The Campbell Newman government in Queensland was up to its normal tricks on Wednesday, using the compliant Murdoch press to launch another tirade against the carbon price and green energy schemes as cover for another big rise in the state’s electricity prices.
Private briefings by the Queensland government, including from the Treasurer Tim Nicholls, succeeded in getting the following written as the lead paragraph of the Courier-Mail’s story, and similar reporting elsewhere, including the AAP, ABC and Fairfax, who had to play catch up:
“Power bills in Queensland are set to surge by an average of $270, with most of the slug caused by green schemes, including the carbon tax,” the News Ltd paper shrieks.
Here’s what the Queensland Competition Authority actually says in its report, which recommends a 13.5 per cent increase in tariffs from July 1, 2014. The impact of the carbon price, even if not repealed, actually goes down, not up, and so does the impact of the renewable energy schemes. In fact, more than two thirds of the price rise to consumers is caused by factors completely unrelated to the carbon price or any green schemes – it is caused by soaring generation costs, network costs, and increased costs from retailers and billing centres.
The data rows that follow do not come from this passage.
Lemma pidx_mxvec_index m n (i : 'I_m) (j : 'I_n) : pidx (mxvec_index i j) = (i, j).
Proof. by rewrite /pidx cast_ordK enum_rankK. Qed.

Lemma sum_mxvec_index (R : nmodType) m n (F : 'I_(m * n) -> R) :
  \sum_k F k = \sum_i \sum_j F (mxvec_index i j).
Proof.
rewrite pair_bigA /= (reindex (fun p : 'I_m * 'I_n => mxvec_index p.1 p.2)) //=.
exists (@pidx m n) => [[i j] _|k _]; first by rewrite pidx_mxvec_index.
by case/mxvec_indexP: k => i j; rewrite pidx_mxvec_index.
Qed.

Lemma sum_delta_l (R : pzSemiRingType) n (j : 'I_n) (F : 'I_n -> R) :
  \sum_k (k == j)%:R * F k = F j.
Proof.
rewrite (bigD1 j) //= eqxx mul1r big1 ?addr0 // => k /negPf->.
by rewrite mul0r.
Qed.

Lemma commute_diag_mxE (R : comPzRingType) n (A : 'M[R]_n) (h : 'rV[R]_n) :
  A *m diag_mx h = diag_mx h *m A -> forall k l, A k l * h 0 l = h 0 k * A k l.
Proof.
move=> AhhA k l; have := congr1 (fun M : 'M[R]_n => M k l) AhhA.
by rewrite mul_mx_diag mul_diag_mx !mxE.
Qed.

Section Adjoint.
Variable C : numClosedFieldType.

Lemma adj_mul m n p (A : 'M[C]_(m, n)) (B : 'M[C]_(n, p)) : adj (A *m B) = adj B *m adj A.
Proof. by rewrite /adj map_mxM trmx_mul. Qed.

Lemma adj1 n : adj (1%:M : 'M[C]_n) = 1%:M.
Proof. by apply/matrixP => i j; rewrite !mxE rmorph_nat eq_sym. Qed.

Lemma adjK m n (A : 'M[C]_(m, n)) : adj (adj A) = A.
Proof. by apply/matrixP => i j; rewrite !mxE conjCK. Qed.

Lemma unitary_mul n (A B : 'M[C]_n) : unitary A -> unitary B -> unitary (A *m B).
Proof.
move=> [AA1 AA2] [BB1 BB2]; rewrite /unitary adj_mul; split.
  by rewrite mulmxA -(mulmxA A) BB1 mulmx1 AA1.
by rewrite mulmxA -(mulmxA _ (adj A)) AA2 mulmx1 BB2.
Qed.

Lemma unitary_adj n (A : 'M[C]_n) : unitary A -> unitary (adj A).
Proof. by rewrite /unitary adjK => -[]. Qed.

End Adjoint.

Section TensorProduct.
Variable C : numClosedFieldType.

Lemma eq_mxvec_index m n (i i' : 'I_m) (j j' : 'I_n) :
  (mxvec_index i j == mxvec_index i' j') = (i == i') && (j == j').
Proof.
apply/eqP/andP => [ij_eq|[/eqP-> /eqP->]] //.
by have := congr1 (@pidx m n) ij_eq; rewrite !pidx_mxvec_index => -[-> ->].
Qed.

Lemma matrix_mxvec_indexP m n (A B : 'M[C]_(m * n)) :
  (forall i j i' j', A (mxvec_index i j) (mxvec_index i' j') =
                     B (mxvec_index i j) (mxvec_index i' j')) -> A = B.
Proof.
move=> eqAB; apply/matrixP => k l.
by case/mxvec_indexP: k => i j; case/mxvec_indexP: l => i' j'; apply: eqAB.
Qed.

Lemma mulmx_mxvec_indexE p m n r (A : 'M[C]_(p, m * n)) (B : 'M[C]_(m * n, r)) k l :
  (A *m B) k l = \sum_i \sum_j A k (mxvec_index i j) * B (mxvec_index i j) l.
Proof. by rewrite mxE sum_mxvec_index. Qed.

Lemma tensE m n (A : 'M[C]_m) (B : 'M[C]_n) i j i' j' :
  tens A B (mxvec_index i j) (mxvec_index i' j') = A i i' * B j j'.
Proof. by rewrite /tens mxE !pidx_mxvec_index. Qed.

Lemma ptraceBE m n (X : 'M[C]_(m * n)) i j :
  ptraceB X i j = \sum_b X (mxvec_index i b) (mxvec_index j b).
Proof. by rewrite /ptraceB mxE. Qed.

Lemma tens_mul m n (A A' : 'M[C]_m) (B B' : 'M[C]_n) :
  tens A B *m tens A' B' = tens (A *m A') (B *m B').
Proof.
apply: matrix_mxvec_indexP => i j i' j'.
rewrite mulmx_mxvec_indexE tensE !mxE big_distrl /=.
apply: eq_bigr => k _; rewrite big_distrr /=; apply: eq_bigr => l _.
by rewrite !tensE mulrACA.
Qed.

Lemma adj_tens m n (A : 'M[C]_m) (B : 'M[C]_n) : adj (tens A B) = tens (adj A) (adj B).
Proof.
by apply: matrix_mxvec_indexP => i j i' j'; rewrite /adj !mxE !pidx_mxvec_index /= rmorphM.
Qed.

Lemma tens1 m n : tens (1%:M : 'M[C]_m) (1%:M : 'M[C]_n) = 1%:M.
Proof.
apply: matrix_mxvec_indexP => i j i' j'.
by rewrite tensE !mxE eq_mxvec_index; case: (i == i'); case: (j == j');
  rewrite ?mulr1 ?mulr0 ?mul0r.
Qed.

Lemma unitary_tens1 m n (V : 'M[C]_n) : unitary V -> unitary (tens (1%:M : 'M_m) V).
Proof.
by move=> [VV1 VV2]; rewrite /unitary adj_tens adj1 !tens_mul mul1mx VV1 VV2 tens1.
Qed.

Lemma tens_diag m n (a : 'rV[C]_m) (b : 'rV[C]_n) :
  tens (diag_mx a) 1%:M + tens 1%:M (diag_mx b) =
  diag_mx (\row_k (a 0 (pidx k).1 + b 0 (pidx k).2)).
Proof.
apply: matrix_mxvec_indexP => i j i' j'.
rewrite !mxE !pidx_mxvec_index /= eq_mxvec_index.
by case: (i == i'); case: (j == j');
  rewrite /= ?mulr1n ?mulr0n ?mulr1 ?mulr0 ?mul0r ?mul1r ?addr0 ?add0r.
Qed.

Lemma tens1_conjE m n (V W : 'M[C]_n) (Y : 'M[C]_(m * n)) i b j b' :
  (tens 1%:M V *m Y *m tens 1%:M W) (mxvec_index i b) (mxvec_index j b') =
  \sum_b1 \sum_b2 V b b1 * Y (mxvec_index i b1) (mxvec_index j b2) * W b2 b'.
Proof.
rewrite [RHS]exchange_big mulmx_mxvec_indexE [LHS]exchange_big /=; apply: eq_bigr => b2 _.
under eq_bigr do rewrite tensE [1%:M _ _]mxE mulrCA.
rewrite sum_delta_l mulmx_mxvec_indexE exchange_big big_distrl /=.
apply: eq_bigr => b1 _; under eq_bigr do rewrite tensE [1%:M _ _]mxE eq_sym -mulrA.
by rewrite sum_delta_l.
Qed.

Lemma ptraceB_conj1 m n (V : 'M[C]_n) (Y : 'M[C]_(m * n)) :
  adj V *m V = 1%:M -> ptraceB (tens 1%:M V *m Y *m tens 1%:M (adj V)) = ptraceB Y.
Proof.
move=> VV; apply/matrixP => i j; rewrite !ptraceBE.
under eq_bigr do rewrite tens1_conjE.
rewrite exchange_big /=; apply: eq_bigr => b1 _; rewrite exchange_big /=.
transitivity (\sum_b2 (adj V *m V) b2 b1 * Y (mxvec_index i b1) (mxvec_index j b2)).
  apply: eq_bigr => b2 _; rewrite mxE big_distrl /=.
  by apply: eq_bigr => b _; rewrite /adj !mxE; ring.
by rewrite VV; under eq_bigr do rewrite mxE; rewrite sum_delta_l.
Qed.

Lemma mulmx_tens_diagE p m n (A : 'M[C]_(p, m * n))
    (X : 'M[C]_m) (d : 'rV[C]_n) k j b :
  (A *m tens X (diag_mx d)) k (mxvec_index j b) =
  \sum_i A k (mxvec_index i b) * X i j * d 0 b.
Proof.
rewrite mulmx_mxvec_indexE; apply: eq_bigr => i _.
under eq_bigr do rewrite tensE !mxE !mulrnAr mulrA.
rewrite (bigD1 b) //= eqxx mulr1n big1 ?addr0 // => b1 /negPf->.
by rewrite mulr0n.
Qed.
The only “green scheme” to show a rise is the solar feed-in tariff, and Newman can claim responsibility for that, because it was he who incited a gold rush of rooftop solar after giving Queenslanders more than 6 weeks notice that the overly-generous feed-in tariffs would be closed.
It’s important to note that the predicted rise in wholesale energy costs, which goes against the grain of recent trends, is caused almost entirely by the Queensland gas boom, in particular the development of LNG export facilities, which will cause domestic gas prices to surge.
And, as the QCA says, the impact of soaring gas prices will actually be reduced by the impact of renewables: “The surge in wholesale energy costs is expected to be offset to some degree by modest decreases in other energy-related costs. These include the renewable energy target (RET) scheme costs and the costs of complying with the Queensland Gas Scheme, which will be closed on 31 December 2013,” the QCA report says.
No doubt, News Ltd could lead with that tomorrow, but it will likely focus on the following.
“The second major cost driver is the Queensland Government’s Solar Bonus Scheme. The scheme’s costs have almost doubled since 2013-14 and will continue to push up prices in future years as distributors recoup costs incurred in paying feed-in tariffs to solar customers. The impact of the Solar Bonus Scheme on network tariffs is expected to peak in 2015–16, at which time about 25% of Energex’s network prices will be due to the Solar Bonus Scheme.”
It also points to (non-solar) increases in network costs as the third major cost driver. It notes Network prices are increasing because of lower than forecast consumption which means that network charges must increase to recover the allowed revenue. This leads back to the issue of network write downs, raised in this story from the Grattan report.
A quick read of the QCA report shows that the service charge for retail consumers has also been lifted by more than 60 per cent, from 50.2c/day to 83.4c/day.
The QCA determination also highlights what a mess the Federal Government’s proposed “retrospective” repeal of the carbon price would be, particularly in the electricity industry where tariffs and contracts are already written.
To try and overcome its problem, the QCA has published two two sets of retail prices, one with a full pass-through of carbon costs, the second to apply after the carbon tax is repealed.
“It is important to note that the QCA does not have the power to change retail prices mid-year, so in order to do so we would require a new delegation from the Minister for Energy and Water Supply if and when the carbon tax is removed. Alternatively, the Minister could choose to make a new price determination using the carbon-exclusive notified prices calculated by the QCA,” it says.